Important note: Fat loss should be an outcome of healthful eating. It should not come about by counting calories or starving yourself. Though many people use these approaches with some degree of success, these approaches always fail in the long run. They also cause micronutrient (vitamins and mineral) deficiencies and result in lean tissue (muscle, bone, organs) loss. So please, abandon these approaches to fat loss. They are an unnatural, unhealthy and impermanent approach to becoming healthier and attaining a desirable level of body fat.

Blood Sugar is the Key
Eating healthfully normalizes your blood sugar which in turn allows stored body fat to be used as your primary source of fuel. It also promotes strength building. So again, the main idea of this plan is to reset your metabolism so that your body uses stored fat as its primary source of fuel by keeping blood sugar normal.

To lose fat successfully without losing lean tissue (muscle and bone), it’s best to eat in a manner that keeps your blood sugar levels normal and supplies you with adequate amount of quality proteins. The amount of glucose (blood sugar) that our adult body considers normal is about a teaspoon or, a few grams at most. To put this in perspective, your morning multi- grain muffin can have as much as 10 times this amount. Add this to the sugar in your coffee, your glass of juice, your banana and perhaps that “healthy” bowl of cereal in the morning and you have shoveled more sugar into your blood in the morning than you should eat in a week. Most people are completely unaware of this.

When you keep your blood sugar normalized, this keeps your level of a hormone called insulin normal. This in turn allows more fat to freely exit your fat cells and makes it much more difficult to store calories as fat.

According to the current edition of Lehninger’s Principles of Biochemistry, when blood insulin levels are high, fat is more readily stored in the adipocytes (fat cells) and is less available for usage:

“High blood glucose elicits the release of insulin, which speeds the uptake of glucose by tissues and favors the storage of fuels as glycogen (sugar) and triaglycerols (fat), while inhibiting fatty acid mobilization in adipose tissue.”

What this means is this: the more foods you eat that raise your blood sugar, the higher you will raise your insulin levels. When insulin is high, you will potentially store more body fat and less body fat will be burned as fuel.

Believe it or not, you now know more than what 95% of all registered dieticians know on how lipids (fat) are stored and used for fuel. What you need to know now is which foods cause the problems and which foods don’t.

What to Eat and What Not to Eat
The foods that skyrocket blood sugar and thus raise insulin levels the most are grain-based, refined, starchy/sugary carbohydrates. If you can avoid eating these foods, you will achieve your fat loss goals much faster. If you don’t, you probably will not be able to obtain your fat loss goals. For some people, perhaps for you, these sorts of foods can be an addiction. Carb addicition is real and if you feel that you are one so afflicted, please read the book Wheat Belly by Bill Davis M.D. (referenced below).

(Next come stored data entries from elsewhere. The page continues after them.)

Lemma measurable_fun_subst_treatment dD dU dEy dEa dY (TD : measurableType dD)
    (TU : measurableType dU) (TEy : measurableType dEy)
    (TEa : measurableType dEa) (TY : measurableType dY)
    (f : bool -> TD -> TU -> TEy -> TY) (g : TD -> TEa -> bool) :
  measurable_fun setT
    (fun q : bool * TD * TU * TEy => f q.1.1.1 q.1.1.2 q.1.2 q.2) ->
  measurable_fun setT (fun q : TD * TEa => g q.1 q.2) ->
  measurable_fun setT
    (fun q : TU * TD * (TEy * TEa) => f (g q.1.2 q.2.2) q.1.2 q.1.1 q.2.1).
Proof.
move=> mf mg; pose fg q : bool * TD * TU * TEy := (g q.1.2 q.2.2, q.1.2, q.1.1, q.2.1).
apply: (measurableT_comp mf (g := fg)); rewrite /fg.
repeat apply: measurable_fun_pair.
- apply: (measurableT_comp mg (g := fun q : TU * TD * (TEy * TEa) => (q.1.2, q.2.2))).
  apply: measurable_fun_pair.
  + exact: measurableT_comp measurable_snd measurable_fst.
  + exact: measurableT_comp measurable_snd measurable_snd.
- exact: measurableT_comp measurable_snd measurable_fst.
- exact: measurableT_comp measurable_fst measurable_fst.
- exact: measurableT_comp measurable_fst measurable_snd.
Qed.

Lemma measurable_Dset (R : realType) (dstar eps : R) : measurable (Dset dstar eps).
Proof.
rewrite (_ : Dset dstar eps = `]dstar - eps, dstar + eps[ `&` ~` [set dstar]).
  by apply: measurableI => //; apply: measurableC; exact: measurable_set1.
by apply/seteqP; split=> x; rewrite /Dset /= in_itv/= => -[? /eqP].
Qed.

Theorem lemma1
  (R : realType) (dT : measure_display) (T : measurableType dT)
  (P : probability T R)
  (dZ dW dU dEy dEw dEa : measure_display)
  (TZ : measurableType dZ) (TW : measurableType dW) (TU : measurableType dU)
  (TEy : measurableType dEy) (TEw : measurableType dEw)
  (TEa : measurableType dEa)
  (* observed and latent variables *)
  (Y : T -> R) (A : T -> bool) (D : T -> R) (Z : T -> TZ) (W : T -> TW)
  (U : T -> TU) (eta_y : T -> TEy) (eta_w : T -> TEw) (eta_a : T -> TEa)
  (mY : measurable_fun setT Y) (mA : measurable_fun setT A)
  (mD : measurable_fun setT D) (mZ : measurable_fun setT Z)
  (mW : measurable_fun setT W) (mU : measurable_fun setT U)
  (my : measurable_fun setT eta_y) (mw : measurable_fun setT eta_w)
  (ma : measurable_fun setT eta_a)
  (* structural functions, general and under exclusion *)
  (Yf : bool -> R -> TZ -> TU -> TEy -> R)
  (Wf : bool -> R -> TZ -> TU -> TEw -> TW)
  (Af : R -> TZ -> TU -> TEa -> bool)
  (Yx : bool -> R -> TU -> TEy -> R) (Wx : TU -> TEw -> TW)
  (Ax : R -> TEa -> bool)
  (mYx : measurable_fun setT
           (fun q : bool * R * TU * TEy => Yx q.1.1.1 q.1.1.2 q.1.2 q.2))
  (mWx : measurable_fun setT (fun q : TU * TEw => Wx q.1 q.2))
  (mAx : measurable_fun setT (fun q : R * TEa => Ax q.1 q.2))
  (* cutoff, bandwidth, local placebo set *)
  (dstar eps : R) (eps_gt0 : 0 < eps) (Zeps : set TZ) (mZeps : measurable Zeps)
  (hZeps : P (D @^-1` Dset dstar eps `\` Z @^-1` Zeps) = 0%E)
  (* (PV)(a): structural equations, for D in D(eps), Z in Z(eps) *)
  (PVa_Y : {ae P, forall x, D x \in Dset dstar eps -> Z x \in Zeps ->
            Y x = Yf (A x) (D x) (Z x) (U x) (eta_y x)})
  (PVa_W : {ae P, forall x, D x \in Dset dstar eps -> Z x \in Zeps ->
            W x = Wf (A x) (D x) (Z x) (U x) (eta_w x)})
  (PVa_A : {ae P, forall x, D x \in Dset dstar eps -> Z x \in Zeps ->
            A x = Af (D x) (Z x) (U x) (eta_a x)})
  (* (PV)(b): local conditional independences *)
  (PVb1 : cond_indep_on P (D @^-1` Dset dstar eps)
            Z (fun x => (eta_y x, eta_a x)) (fun x => (U x, D x)))
  (PVb2 : cond_indep_on P (D @^-1` Dset dstar eps)
            eta_w (fun x => (D x, Z x)) U)
  (* (PV)(c): densities exist, positive on the support of U *)
  (PVc : exists (nuZ : {measure set TZ -> \bar R}) (f : bool -> R -> TZ -> TU -> R),
      (forall a, measurable_fun setT
                   (fun q : R * TZ * TU => f a q.1.1 q.1.2 q.2)) /\
      (forall a d z u, 0 <= f a d z u) /\
      (forall a (B : set R) (G : set TZ) (H : set TU),
          measurable B -> measurable G -> measurable H ->
          P (A @^-1` [set a] `&` D @^-1` B `&` Z @^-1` G `&` U @^-1` H) =
          (\int[P]_(x in U @^-1` H)
             \int[lebesgue_measure]_(d in B) \int[nuZ]_(z in G)
                (f a d z (U x))%:E)%E) /\
      {ae P, forall x, forall a d z, d \in Dset dstar eps -> z \in Zeps ->
                0 < f a d z (U x)})
  (* (PV)(d): exclusion restrictions *)
  (PVd_Y : {ae P, forall x, forall a d z, d \in Dset dstar eps -> z \in Zeps ->
             Yf a d z (U x) (eta_y x) = Yx a d (U x) (eta_y x)})
  (PVd_W : {ae P, forall x, forall a d z, d \in Dset dstar eps -> z \in Zeps ->
             Wf a d z (U x) (eta_w x) = Wx (U x) (eta_w x)})
  (PVd_A : {ae P, forall x, forall d z, d \in Dset dstar eps -> z \in Zeps ->
             Af d z (U x) (eta_a x) = Ax d (eta_a x)}) :
  (* (a) *)
  cond_indep_on P (D @^-1` Dset dstar eps) Y Z (fun x => (D x, U x)) /\
  (* (b) *)
  cond_indep_on P (D @^-1` Dset dstar eps) W (fun x => (D x, Z x)) U /\
  (* (c) under the extra assumption eta_a _||_ U | D locally *)
  (cond_indep_on P (D @^-1` Dset dstar eps) eta_a U D ->
   cond_indep_on P (D @^-1` Dset dstar eps) A U D).
Proof.
set E := D @^-1` Dset dstar eps.
have mE : measurable E := measurable_preimage mD (measurable_Dset dstar eps).
have mEZ : measurable (E `\` Z @^-1` Zeps).
  exact: measurableD mE (measurable_preimage mZ mZeps).
have on_E := ae_imply_setD0 mEZ hZeps.
have A_E : {ae P, forall x, E x -> A x = Ax (D x) (eta_a x)}.
  apply: on_E; apply: (filterS2 _ _ PVa_A PVd_A) => x Aeq Aex Dx Zx.
  by rewrite Aeq// Aex.
have Y_E : {ae P, forall x, E x ->
    Y x = Yx (Ax (D x) (eta_a x)) (D x) (U x) (eta_y x)}.
  have YA_E : {ae P, forall x, E x -> Y x = Yx (A x) (D x) (U x) (eta_y x)}.
    apply: on_E; apply: (filterS2 _ _ PVa_Y PVd_Y) => x Yeq Yex Dx Zx.
    by rewrite Yeq// Yex.
  by apply: (filterS2 _ _ YA_E A_E) => x YAx Ax_eq Ex; rewrite YAx// Ax_eq.
have W_E : {ae P, forall x, E x -> W x = Wx (U x) (eta_w x)}.
  apply: on_E; apply: (filterS2 _ _ PVa_W PVd_W) => x Weq Wex Dx Zx.
  by rewrite Weq// Wex.
have mDZ := measurable_fun_pair mD mZ.
split; [|split].
- have mUD := measurable_fun_pair mU mD.
  have mY_UD := measurable_fun_subst_treatment mYx mAx.
  have ZY := cond_indep_on_fun mE mZ (measurable_fun_pair my ma) mY mUD mY_UD
    Y_E PVb1.
  exact: cond_indep_on_comp_cond (@measurable_swap _ _ TU _)
    (@measurable_swap _ _ _ TU) unstable.swapK (cond_indep_on_sym mE mZ mY mUD ZY).
- have DZ_w := cond_indep_on_sym mE mw mDZ mU PVb2.
  have DZ_W := cond_indep_on_fun mE mDZ mw mW mU mWx W_E DZ_w.
  exact (cond_indep_on_sym mE mDZ mW mU DZ_W).
- move=> eta_a_U; have U_eta_a := cond_indep_on_sym mE ma mU mD eta_a_U.
  have U_A := cond_indep_on_fun mE mU ma mA mD mAx A_E U_eta_a.
  exact (cond_indep_on_sym mE mU mA mD U_A).
Qed.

The acceptable foods on the Serious Strength Real Food Diet are as follows:

All animal matter (e.g., all poultry, all beef, all lamb, all pork including bacon, whole eggs, venison, all fish, shellfish, organ meats, etc.)
All non-starchy plant matter (e.g., leafy greens like kale, chard, spinach, lettuces, cabbage, asparagus, artichokes, Brussels sprouts, celery, carrots, broccoli, cauliflower, onions, peppers, rhubarb, etc.)
Fibrous fruits (e.g., strawberries, blueberries, blackberries, raspberries, tomatoes, avocados, etc.)
Fruit Oils/animal fats (e.g., butter, coconut oil, lard, tallow, olive oil, macadamia oil, avocado oil)
All herbs and spices

The non-acceptable foods that you would do best to avoid are as follows:
All grain-based foods (e.g., rice, bagels, muffins, breads, oatmeal, pasta, etc.)
Legumes (e.g., peanuts, soy, beans of all kinds)
Starchy/sugary fruits/gourds (e.g., bananas, plantains, papaya, mango, figs, dates, grapes, squash, etc.)
Tubers (e.g., potatoes, yams, taro, cassava, yucca)
Nuts
All dairy (e.g., milk, cream, cheeses, etc.)

Fatty Protein Intake
If you don’t eat adequate fatty proteins (e.g., salmon, lamb, beef, whole eggs, etc.) on a daily basis, you won’t be able to maximize the benefits of resistance training. You also will not enjoy robust health. All human beings require adequate amounts of amino acids derived from fatty protein sources to build cells of all kinds including muscle and bone cells.
You should strive to take in at least 1 gram of quality protein per pound of lean body weight. We will help you determine what your lean body mass is with our computerized body composition device and then will give you an amount of protein to shoot for. You don’t have to count protein grams. It’s actually very simple to eat the right amount of protein.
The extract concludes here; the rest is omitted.